Due to production methods, we cannot guarantee our products are completely free from any allergen such as
Peanuts,
Tree Nuts,
Sesame Seeds,
Milk,
Egg,
Fish,
Crustaceans,
Molluscs,
Soya,
Wheat,
Gluten,
Lupin,
Mustard,
Sulphur dioxide and
Celery.
Nutritional information
Per Serving*
Energy (kJ/kcal)
4546 / 1090
Fats (g)
46.6
of which saturated (g)
32.2
Carbohydrates (g)
130
of which sugars (g)
16.9
Fibers (g)
16.8
Proteins (g)
48
Salt (g)
2.1
*The nutritional information only applies to ingredients
supplied by Hello Chef. The cooking process and
additional ingredients added at home will affect
total values.
Before you start
Please wash your hands and rinse all fresh fruits and vegetables prior to cooking.
Instructions
1 Prep ingredients
Rinse and drain the black beans and red kidney beans in a colander. Set aside. Peel and chop the onion and mince the garlic.
2 Prep chilli base
Heat a drizzle of oil in a pan over a medium heat. Fry the onion with a pinch of salt for 5 min. Add the garlic and stir for 1 min. Add the tomato paste, brown sugar, chipotle powder and smoked paprika powder. Cook for 2 min.
3 Stew chilli
Add the drained beans, measured water, crumbled stockcube and cooking cream. Reduce the heat to low and simmer for 10 min, stirring occasionally.

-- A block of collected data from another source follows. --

Lemma mirror_ssm_orientable c : ssm_orientable c -> ssm_orientable (mirror c).
Proof.
case=> o h; exists (fun k => ~~ o (ord_pred (rev_ord k))) => k.
by rewrite ffunE; have := h (rev_ord k); rewrite /rim_indeg rev_ord_pred ordSK negbK addnC.
Qed.

End Mirror.

(* Chosen so that un-firing lowers the potential: [unfire] trades 5 for 2 + 2 and
   [unfire_pair] trades 5 + 2 for at most 3 + 3. *)
Definition weight (x : nat) : nat := if x is 0 then 5 else if x is 1 then 2 else 0.

Definition potential n (c : config n) := \sum_j weight (c j).

Lemma potential_mirror n (c : config n) : potential (mirror c) = potential c.
Proof.
rewrite /potential (reindex_inj rev_ord_inj) /=.
by apply: eq_bigr => j _; rewrite ffunE rev_ordK.
Qed.

Lemma potential_lt n (c c' : config n) (A B : 'I_n -> nat) :
  (forall j, weight (c' j) + A j <= weight (c j) + B j) -> \sum_j B j < \sum_j A j ->
  potential c' < potential c.
Proof.
move=> le_cc' lt_BA; rewrite -(ltn_add2r (\sum_j A j)).
have : potential c' + \sum_j A j <= potential c + \sum_j B j.
  by rewrite -!big_split; apply: leq_sum => j _.
by move/leq_ltn_trans; apply; rewrite ltn_add2l.
Qed.

Lemma sum_eq1 n (i : 'I_n) : \sum_j (j == i : nat) = 1.
Proof. by rewrite (bigD1 i) //= eqxx big1 // => j /negbTE ->. Qed.

Section Descent.
Variable n : nat.
Hypothesis n_gt2 : 2 < n.
Implicit Types (t : config n) (o : 'I_n -> bool) (j z : 'I_n).

Definition admissible t := [/\ stable t, ssm_orientable t & exists v, t v = 2].

Definition descends t :=
  exists t', [/\ admissible t', potential t' < potential t & chain (@asm_step n) t' t].

Lemma descends_mirror t : descends t -> descends (mirror t).
Proof.
case=> t' [[st' or' [v t'v]] lt' ch']; exists (mirror t'); split.
- split; [by move=> j; rewrite ffunE | exact: mirror_ssm_orientable | ].
  by exists (rev_ord v); rewrite ffunE rev_ordK.
- by rewrite !potential_mirror.
- exact: mirror_chain.
Qed.

(* Undo the firing of [z]. *)
Definition unfire t z : config n :=
  [ffun j => if j == z then 2 else if (j == ord_pred z) || (j == ordS z) then 1 else t j].

Lemma descends_unfire o t z : stable t -> indeg_below o t ->
  t z = 0 -> t (ord_pred z) = 2 -> t (ordS z) = 2 -> descends t.
Proof.
move=> st h tz tp ts; have [opz oz] := indeg_below_zero h tz.
exists (unfire t z); split; first split.
- move=> j; rewrite ffunE; case: ifP => // _; case: ifP => // _; exact: st.
- exists (fun k => if k == ord_pred z then true else if k == z then false else o k) => j.
  have := h j; rewrite /rim_indeg ffunE; rim_cases j z n_gt2; by do 2?case: (o _).
- by exists z; rewrite ffunE eqxx.
- apply: (@potential_lt _ _ _ (fun j => 5 * (j == z))
                             (fun j => 2 * (j == ord_pred z) + 2 * (j == ordS z))).
    move=> j; rewrite ffunE; rim_cases j z n_gt2; rewrite ?tz ?tp ?ts //.
  by rewrite big_split /= -!big_distrr /= !sum_eq1.
- exists z; split; last exact: st.
  apply: rt_step; exists z; split; first by rewrite !ffunE eqxx.
  apply/ffunP => j; rewrite !ffunE; rim_cases j z n_gt2; by rewrite ?tz ?tp ?ts ?addn0 ?subn0.
Qed.

(* Undo the firing of [ord_pred z] followed by that of [z]. *)
Definition unfire_pair t z : config n :=
  [ffun j => if j == z then 2 else if j == ord_pred z then 2
             else t j - (j == ord_pred (ord_pred z)) - (j == ordS z)].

Add another splash of water if needed.
4 Boil rice
Meanwhile, bring a pan of salted water to a boil over a medium-high heat. Once boiling, add the brown rice and cook for 15-20 min or until tender. Drain once tender and set aside, covered, to keep warm.
5 Add eggs and cheese
Using the back of a spoon, make grooves in the chilli and crack the eggs into them. Sprinkle the chilli with the grated cheddar cheese. Cook over a low heat for 8-10 more min until the eggs are set and the cheddar cheese has melted.
6 Serve
Meanwhile, finely slice the redchilli and chives. Serve the bean chilli over the cooked brown rice and top with the sour cream, redchilli and chives.